Personal information
- Full name: Martín Solar Ruiz
- Date of birth: 30 January 2000 (age 26)
- Place of birth: Santander, Spain
- Height: 1.75 m (5 ft 9 in)
- Position: Midfielder

Team information
- Current team: Mérida
- Number: 8

Youth career
- Racing Santander

Senior career*
- Years: Team / Apps / (Gls)
- 2019–2020: Racing B / 26 / (6)
- 2020–2021: Racing Santander / 16 / (2)
- 2021–2023: Granada B / 66 / (8)
- 2022: Granada / 0 / (0)
- 2023–2024: Cultural Leonesa / 35 / (6)
- 2024–2025: Arenteiro / 36 / (2)
- 2025–: Mérida / 37 / (0)

= Martín Solar =

Spanish footballer

Martín Solar Ruiz (born 30 January 2000) is a Spanish professional footballer who plays as a central midfielder for Primera Federación club Mérida.

==Club career==
Born in Santander, Cantabria, Solar was a Racing de Santander youth graduate. He made his senior debut with the reserves on 25 August 2019, starting in a 1–3 Tercera División away loss against AD Siete Villas.

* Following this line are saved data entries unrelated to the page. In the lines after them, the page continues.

(* Let $U=(E,\mathcal{D},\rho)$ be a U-matroid with lattice of flats $\L$. Let $\mathcal{D}'\subseteq\mathcal{D}$ be an accessible distributive sublattice, and let $\L'$ be the lattice of flats of the restriction $(E,\mathcal{D}',\rho|_{\mathcal{D}'})$. Then \[\L'=\{\inf_{\mathcal{D}'}(A): A\in\L\}.\]
   Context: An accessible distributive lattice on a finite set $E$ is a family $\mathcal{D}\subseteq 2^E$ containing $\emptyset$ and $E$, closed under union and intersection, such that every nonempty $A\in\mathcal{D}$ contains some $x$ with $A\setminus\{x\}\in\mathcal{D}$. A U-matroid is a triple $(E,\mathcal{D},\rho)$ with $\rho:\mathcal{D}\to\mathbb{N}$ satisfying $\rho(\emptyset)=0$; $\rho(A)\le\rho(B)$ whenever $A\subseteq B$; $\rho(A)+\rho(B)\ge\rho(A\cup B)+\rho(A\cap B)$; and $\rho(A\cup\{e\})-\rho(A)\le1$ whenever $A,A\cup\{e\}\in\mathcal{D}$. The lattice of flats of $(E,\mathcal{D},\rho)$ is $\L=\{A\in\mathcal{D}:\rho(B)>\rho(A)\text{ for all }B\in\mathcal{D}\text{ with }B\supsetneq A\}$. For $A\subseteq E$, $\inf_{\mathcal{D}'}(A)=\bigcup\{B\in\mathcal{D}':B\subseteq A\}$. *)

From mathcomp Require Import all_boot.
Set Implicit Arguments. Unset Strict Implicit. Unset Printing Implicit Defensive.

Section UMatroid.
Variable E : finType.

Definition accessible_distr_lattice (D : {set {set E}}) : Prop :=
  [/\ set0 \in D, [set: E] \in D,
      (forall A B, A \in D -> B \in D -> A :|: B \in D),
      (forall A B, A \in D -> B \in D -> A :&: B \in D) &
      (forall A, A \in D -> A != set0 -> exists2 x, x \in A & A :\ x \in D)].

(* rho is a total function on {set E}; only its values on D matter. *)
Definition umatroid (D : {set {set E}}) (rho : {set E} -> nat) : Prop :=
  [/\ accessible_distr_lattice D,
      rho set0 = 0,
      (forall A B, A \in D -> B \in D -> A \subset B -> rho A <= rho B),
      (forall A B, A \in D -> B \in D ->
         rho (A :|: B) + rho (A :&: B) <= rho A + rho B) &
      (forall A e, A \in D -> A :|: [set e] \in D -> rho (A :|: [set e]) <= rho A + 1)].

Definition flats (D : {set {set E}}) (rho : {set E} -> nat) : {set {set E}} :=
  [set A in D | [forall B in D, (A \proper B) ==> (rho A < rho B)]].

Definition infD (D' : {set {set E}}) (A : {set E}) : {set E} :=
  \bigcup_(B in D' | B \subset A) B.

End UMatroid.

(** Every flat [F] of the restriction to [D'] lies in a flat [A] of [D] of the
    same rank (a largest member of [D] above [F] with rank [rho F]); then
    [inf_D' A] sits between [F] and [A], has the same rank as [F], and so
    equals [F] because [F] is a flat.  Conversely, if [A] is a flat of [D] and
    [B] in [D'] properly contains [inf_D' A], then [B] is not below [A], so
    [rho (A :|: B) > rho A], and submodularity yields
    [rho B > rho (A :&: B) >= rho (inf_D' A)]. *)
From mathcomp Require Import all_boot.

Set Implicit Arguments.
Unset Strict Implicit.
Unset Printing Implicit Defensive.

Section Infimum.
Variables (E : finType) (D' : {set {set E}}).

Lemma infD_sub (A : {set E}) : infD D' A \subset A.
Proof. by apply/bigcupsP => B /andP[]. Qed.

Lemma sub_infD (A B : {set E}) : B \in D' -> B \subset A -> B \subset infD D' A.
Proof. by move=> BD' BA; apply: (bigcup_sup B); rewrite BD' BA. Qed.

Hypotheses (D'0 : set0 \in D')
           (D'U : forall A B, A \in D' -> B \in D' -> A :|: B \in D').

Lemma infD_mem (A : {set E}) : infD D' A \in D'.
Proof.
apply: (big_ind (fun X => X \in D')) => //.
by move=> B /andP[].
Qed.

End Infimum.

Lemma flatP (E : finType) (D : {set {set E}}) (rho : {set E} -> nat)
    (A : {set E}) :
  reflect (A \in D /\ forall B, B \in D -> A \proper B -> rho A < rho B)
          (A \in flats D rho).
Proof.
rewrite inE; apply: (iffP andP) => [[AD /forall_inP Aflat] | [AD Aflat]].
  by split=> // B /Aflat /implyP.
by split=> //; apply/forall_inP => B /Aflat /implyP.
Qed.

Section Flats.
Variables (E : finType) (D : {set {set E}}) (rho : {set E} -> nat).

Hypothesis rho_mono :
  forall A B, A \in D -> B \in D -> A \subset B -> rho A <= rho B.

Lemma flat_above (F : {set E}) :
  F \in D -> exists A, [/\ A \in flats D rho, F \subset A & rho A = rho F].
Proof.
move=> FD; pose S := [set B in D | (F \subset B) && (rho B == rho F)].
have FS : F \in S by rewrite inE FD subxx eqxx.
case: (@arg_maxnP _ F [in S] (fun B => #|B|) FS) => A.
rewrite [A \in S]inE => /and3P[AD FA /eqP rA] Amax.
exists A; split=> //; apply/flatP; split=> // B BD AB.
rewrite ltn_neqAle rho_mono ?(proper_sub AB) // andbT; apply/eqP => rAB.
have BS : B \in S by rewrite inE BD -rAB rA eqxx (subset_trans FA (proper_sub AB)).
by have : #|B| <= #|A| := Amax B BS; rewrite leqNgt proper_card.
Qed.

Variable D' : {set {set E}}.
Hypotheses (D'0 : set0 \in D')
           (D'U : forall A B, A \in D' -> B \in D' -> A :|: B \in D')
           (sD'D : D' \subset D).

Lemma flat_restr_infD (F : {set E}) :
  F \in flats D' rho -> exists2 A, A \in flats D rho & F = infD D' A.
Proof.
case/flatP=> FD' Fflat.
have [A [Aflat FA rA]] := flat_above (subsetP sD'D F FD').
exists A => //; have iD' := infD_mem D'0 D'U A.
have Fi : F \subset infD D' A by exact: sub_infD.
apply/eqP; rewrite eqEsubset Fi /=; apply: contraT => iF.
have Fpi : F \proper infD D' A by rewrite properE Fi.
have /flatP[AD _] := Aflat.
have : rho (infD D' A) <= rho F.
  by rewrite -rA rho_mono ?infD_sub // (subsetP sD'D).
by rewrite leqNgt Fflat.
Qed.

Hypotheses (DU : forall A B, A \in D -> B \in D -> A :|: B \in D)
           (DI : forall A B, A \in D -> B \in D -> A :&: B \in D)
           (rho_submod : forall A B, A \in D -> B \in D ->
              rho (A :|: B) + rho (A :&: B) <= rho A + rho B).

Lemma infD_flat (A : {set E}) : A \in flats D rho -> infD D' A \in flats D' rho.
Proof.
case/flatP=> AD Aflat; apply/flatP; split=> [|B BD' iB]; first exact: infD_mem.
have BD := subsetP sD'D B BD'.
have nBA : ~~ (B \subset A).
  by apply: contraL iB => /(sub_infD BD'); rewrite properE => ->; rewrite andbF.
have AB : A \proper A :|: B.
  rewrite properE subsetUl /=.
  by apply: contra nBA; apply: subset_trans (subsetUr A B).
have rAB := Aflat _ (DU AD BD) AB.
have : rho (infD D' A) <= rho (A :&: B).
  have iD : infD D' A \in D := subsetP sD'D _ (infD_mem D'0 D'U A).
  apply: rho_mono => //; first exact: DI.
  by rewrite subsetI infD_sub (proper_sub iB).
move/leq_ltn_trans; apply; rewrite -(ltn_add2l (rho A)).
by apply: leq_trans (rho_submod AD BD); rewrite ltn_add2r.
Qed.

End Flats.

Theorem theorem4p20 (E : finType) (D D' : {set {set E}}) (rho : {set E} -> nat) :
  umatroid D rho ->
  accessible_distr_lattice D' -> D' \subset D ->
  flats D' rho = [set infD D' A | A in flats D rho].
Proof.
move=> [[_ _ DU DI _] _ rho_mono rho_submod _] [D'0 _ D'U _ _] sD'D.
apply/setP => F; apply/idP/imsetP.
  exact: flat_restr_infD.
by case=> A Aflat ->;
  apply: (infD_flat rho_mono D'0 D'U sD'D DU DI rho_submod Aflat).
Qed.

Solar scored his first senior goal on 26 October 2019, netting the fourth in a 4–0 away routing of UM Escobedo. The following 8 March, he scored a brace in a 7–0 home thrashing of Selaya FC.

Solar made his first team debut on 7 July 2020, coming on as a half-time substitute for Mario Ortiz in a 0–1 loss at CF Fuenlabrada in the Segunda División. On 21 September, he was definitely promoted to the main squad, now in the Segunda División B.

On 3 August 2021, Solar signed a two-year contract with Granada CF, being assigned to the B-team of the Segunda División RFEF. On 7 July 2023, he moved to Primera Federación side Cultural y Deportiva Leonesa.